У Огастина была очень гладкая, белая кожа, которая нередко сопутствует рыжеватым волосам, короткий, усеянный мелкими веснушками нос и высокий умный лоб. Обычно его юное лицо казалось безмятежным, но сейчас на нем лежал отпечаток только что пережитого потрясения, и с минуту он стоял совершенно неподвижно, не снимая мокро поблескивавшего плаща, окидывая словно бы изумленным взглядом стены знакомой комнаты, встретившей его приветливым теплом. Затем его расширенные зрачки завороженно приковались к ружью его прадедушки, словно он видел это ружье впервые. Красивая, кованой работы двустволка с серебряной насечкой, с истонченными долголетней стрельбой черными, отливающими синевой стволами стояла на почетном месте в высокой застекленной витрине, служа главным украшением комнаты. К задней внутренней стенке витрины над двустволкой была прикреплена кнопками старая фотография. Некто кудлатый, коренастый и заросший до бровей, с двустволкой, перекинутой через плечо, стоял в центре этой фотографии, а по бокам его стояли двое лесничих, таких же заросших и кудлатых, в егерских шапочках. От времени фотография выцвела и стала желтовато-бурой, но, когда Огастин остановил на ней свой напряженный взгляд, ему показалось, что тусклые эти фигуры растут, становятся более отчетливыми и смотрят на него так, словно хотят дать ему совет. Затем поле его зрения расширилось и в него попало и все остальное семейство бережно хранимых ружей, собранных в этом большом стеклянном вместилище — ружья всех калибров, от грачиных и детских двадцатого калибра до тяжелого дробовика, — и у всех у них был вид советников при главном ружье-ветеране.

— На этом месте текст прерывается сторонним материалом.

Lemma dev_lin_strategy n b Sg : (1 <= n <= N)%nat -> 0 < Sg ->
  dev N su lin_strategy n b Sg
  = (b_seq N n * r * sd_ratio b Sg ^ 3 / sqrt Sg + b * sd_ratio b Sg ^ 2,
     r * sqrt Sg * (a_seq N n * sd_ratio b Sg
                    + b_seq N n * (sd_ratio b Sg - sd_ratio b Sg ^ 3))).
Proof.
  intros Hn HSg. unfold dev.
  replace (S n) with (S (N - (N - n))) by lia.
  rewrite cont_lin_strategy by (lia || apply Snext_pos, HSg).
  replace (N - (N - n))%nat with n by lia.
  apply step_scaled, HSg.
Qed.

(* In the last period delta_{N-1} = 0 whatever beta_N, and alpha_{N-1} = b r^2 / (b^2 Sg + r^2)
   is maximal at b = r / sqrt Sg (AM-GM). *)
Lemma last_period_best b Sg : 0 < Sg ->
  b * sd_ratio b Sg ^ 2 <= r / sqrt Sg * sd_ratio (r / sqrt Sg) Sg ^ 2.
Proof.
  intros HSg. assert (Hq := sqrt_lt_R0 Sg HSg). assert (Hq2 := pow2_sqrt Sg (Rlt_le _ _ HSg)).
  rewrite !sd_ratio_sq by exact HSg. set (q := sqrt Sg) in *. rewrite <- Hq2.
  assert (HD : 0 < b ^ 2 * q ^ 2 + r ^ 2) by nra.
  replace ((r / q) ^ 2 * q ^ 2 + r ^ 2) with (2 * r ^ 2) by (field; lra).
  assert (Hgap : r / q * (r ^ 2 / (2 * r ^ 2)) - b * (r ^ 2 / (b ^ 2 * q ^ 2 + r ^ 2))
                 = r * (b * q - r) ^ 2 / (2 * q * (b ^ 2 * q ^ 2 + r ^ 2))) by (field; lra).
  assert (0 <= r * (b * q - r) ^ 2 / (2 * q * (b ^ 2 * q ^ 2 + r ^ 2))).
  { apply Rmult_le_pos; [apply Rmult_le_pos; [lra | apply pow2_ge_0]|].
    apply Rlt_le, Rinv_0_lt_compat. nra. }
  lra.
Qed.

Lemma lin_strategy_SPE : is_SPE N su lin_strategy.
Proof.
  intros n Hn Sg HSg b. cbv zeta. rewrite !dev_lin_strategy by assumption. cbn [fst snd].
  unfold lin_strategy. assert (Hq := sqrt_lt_R0 Sg HSg).
  assert (Hy := sd_ratio_pos b Sg HSg).
  destruct (Nat.eq_dec n N) as [-> | Hne].
  - destruct (seq_last N) as (-> & -> & ->). rewrite Rmult_1_l.
    assert (Hlast := last_period_best b Sg HSg).
    split; [lra | intros _].
    unfold Rdiv in *. lra.
  - assert (Hab := seq_admissible N n ltac:(lia)).
    assert (Hc := coef_c_pos _ _ Hab). assert (Hys2 := shrink_coef_c_sq _ _ Hab).
    rewrite c_seq_lt by lia. rewrite (sd_ratio_intensity _ Sg HSg).
    assert (Hys := shrink_pos (coef_c (a_seq N n) (b_seq N n))).
    set (c := coef_c (a_seq N n) (b_seq N n)) in *. set (ys := shrink c) in *.
    set (y := sd_ratio b Sg) in *. set (q := sqrt Sg) in *.
    set (A := a_seq N n) in *. set (B := b_seq N n) in *.
    destruct Hab as (HA & HB & HAB).
    assert (Hgap := cubic_gain_gap A B y ys ltac:(rewrite Hys2; field; lra)).
    assert (0 <= B * (y - ys) ^ 2 * (y + 2 * ys))
      by (apply Rmult_le_pos; [apply Rmult_le_pos; [lra | apply pow2_ge_0] | lra]).
    assert (Hrq : 0 < r * q) by nra.
    split; [apply Rmult_le_compat_l; lra | intros Htie].
    apply Rmult_eq_reg_l in Htie; [|lra].
    assert (Hyys : y = ys).
    { assert (Hz : B * (y - ys) ^ 2 * (y + 2 * ys) = 0) by lra.
      apply Rmult_integral in Hz as [Hz | Hz]; [|lra].
      apply Rmult_integral in Hz as [Hz | Hz]; [lra|].
      nra. }
    assert (Hb2 : b ^ 2 = (c * r / q) ^ 2).
    { apply (sd_ratio_sq_inj b (c * r / q) Sg HSg). unfold y, ys, q in *.
      rewrite sd_ratio_intensity by exact HSg. exact Hyys. }
    assert (0 < c * r / q) by (apply Rdiv_lt_0_compat; nra).
    assert (b <= c * r / q) by nra.
    rewrite Hyys. assert (0 < ys ^ 2) by nra. nra.
Qed.

End LinearStrategy.

Lemma Sig_pos N su sv st n : 0 < s2 N su -> 0 < sv -> 0 < Sig N su sv st n.
Proof.
  intros Hs Hsv. induction n as [|n IH]; cbn [Sig].
  - nra.
  - unfold Snext. apply Rdiv_lt_0_compat; [apply Rmult_lt_0_compat|]; nra.
Qed.

Lemma noise_scale_sq N su : (1 <= N)%nat -> 0 < su ->
  0 < su * sqrt (1 / INR N) /\ (su * sqrt (1 / INR N)) ^ 2 = s2 N su.
Proof.
  intros HN Hsu. assert (HI : 0 < INR N) by (apply lt_0_INR; lia).
  assert (0 < 1 / INR N) by (apply Rdiv_lt_0_compat; lra).
  split.
  - apply Rmult_lt_0_compat; [lra | apply sqrt_lt_R0; lra].
  - rewrite Rpow_mult_distr, pow2_sqrt by lra. unfold s2. field. lra.
Qed.

Theorem theorem1 (N : nat) (su sv : R) :
  (1 <= N)%nat -> 0 < su -> 0 < sv ->
  exists st : strategy,
    is_SPE N su st /\
    exists a b c : nat -> R,
      a (N - 1)%nat = 0 /\ b (N - 1)%nat = 1 / 2 /\ c N = 1 /\
      (forall n : nat, (1 <= n <= N - 1)%nat ->
         a (n - 1)%nat = a n * sqrt (1 / (c n ^ 2 + 1))
                         + b n * sqrt (1 / (c n ^ 2 + 1)) ^ 3 * c n ^ 2 /\
         b (n - 1)%nat = b n * sqrt (1 / (c n ^ 2 + 1)) ^ 3
                         + c n / (c n ^ 2 + 1) /\
         c n = sqrt ((2 * b n - a n) / (a n + b n))) /\
      (forall n : nat, (1 <= n <= N)%nat -> 0 < c n) /\
      (forall n : nat, (n <= N - 1)%nat ->
         delta N su sv st n
           = a n * su * sqrt (1 / INR N) * sqrt (Sig N su sv st n) /\
         alpha N su sv st n
           = b n * su * sqrt (1 / INR N) / sqrt (Sig N su sv st n)) /\
      (forall n : nat, (1 <= n <= N)%nat ->
         beta N su sv st n
           = c n * su * sqrt (1 / INR N) / sqrt (Sig N su sv st (n - 1))).
Proof.
  intros HN Hsu Hsv.
  destruct (noise_scale_sq N su HN Hsu) as [Hr Hrs].
  set (r := su * sqrt (1 / INR N)) in Hr, Hrs.
  exists (lin_strategy N r). split; [exact (lin_strategy_SPE N su r Hr Hrs) |].
  exists (a_seq N), (b_seq N), (c_seq N).
  destruct (seq_penultimate N HN) as [Ha Hb].
  do 3 (split; [assumption || exact (proj2 (proj2 (seq_last N))) |]).
  split; [| split; [| split]].
  - intros n Hn. assert (Hrec := seq_recursion N (n - 1) ltac:(lia)).
    replace (S (n - 1)) with n in Hrec by lia. unfold coef_update in Hrec.
    injection Hrec as Ea Eb. split; [exact Ea | split; [exact Eb | apply c_seq_lt; lia]].
  - intros n Hn. apply c_seq_pos. lia.
  - intros n Hn. unfold delta, alpha.
    assert (HSig : 0 < Sig N su sv (lin_strategy N r) n)
      by (apply Sig_pos; [rewrite <- Hrs; nra | exact Hsv]).
    replace (S n) with (S (N - (N - n))) by lia.
    rewrite (cont_lin_strategy N su r Hr Hrs) by (lia || exact HSig).
    replace (N - (N - n))%nat with n by lia. cbn [fst snd].
    split; unfold r, Rdiv; ring.
  - intros n Hn. unfold beta, lin_strategy, r, Rdiv. ring.
Qed.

Огастин отвел глаза. В углу комнаты помещалась его коллекция удочек. Поставленные толстым концом в большую надтреснутую вазу, они торчали из нее, словно стрелы из колчана, и ему почудилось вдруг, что их кончики вибрируют, как антенны, его антенны. Над удочками с потрескавшихся оштукатуренных стен скалили зубы чучела выдр. Тонкое облачко пара, виясь над неустанно кипящим котелком на круглой чугунной печке, казалось, настойчиво приглашало к столу коричневый, стоявший на полке чайник, и буханку хлеба, и нож, и горшочек с джемом. И все это — и ружье, и свои удочки, и даже мебель, и котелок, и буханку хлеба — он внезапно ощутил как часть себя самого, чувствующую, осязающую часть себя самого, и ему показалось, что эта с детства любимая Ружейная комната и он сам стали как бы единой живой плотью и его «я» уже не вмещалось больше в его телесную оболочку — оно расширилось, выросло до непривычных размеров, заполнив всю эту комнату. А там, за четырьмя ее стенами, лежало то чуждое, враждебное, что называлось «миром».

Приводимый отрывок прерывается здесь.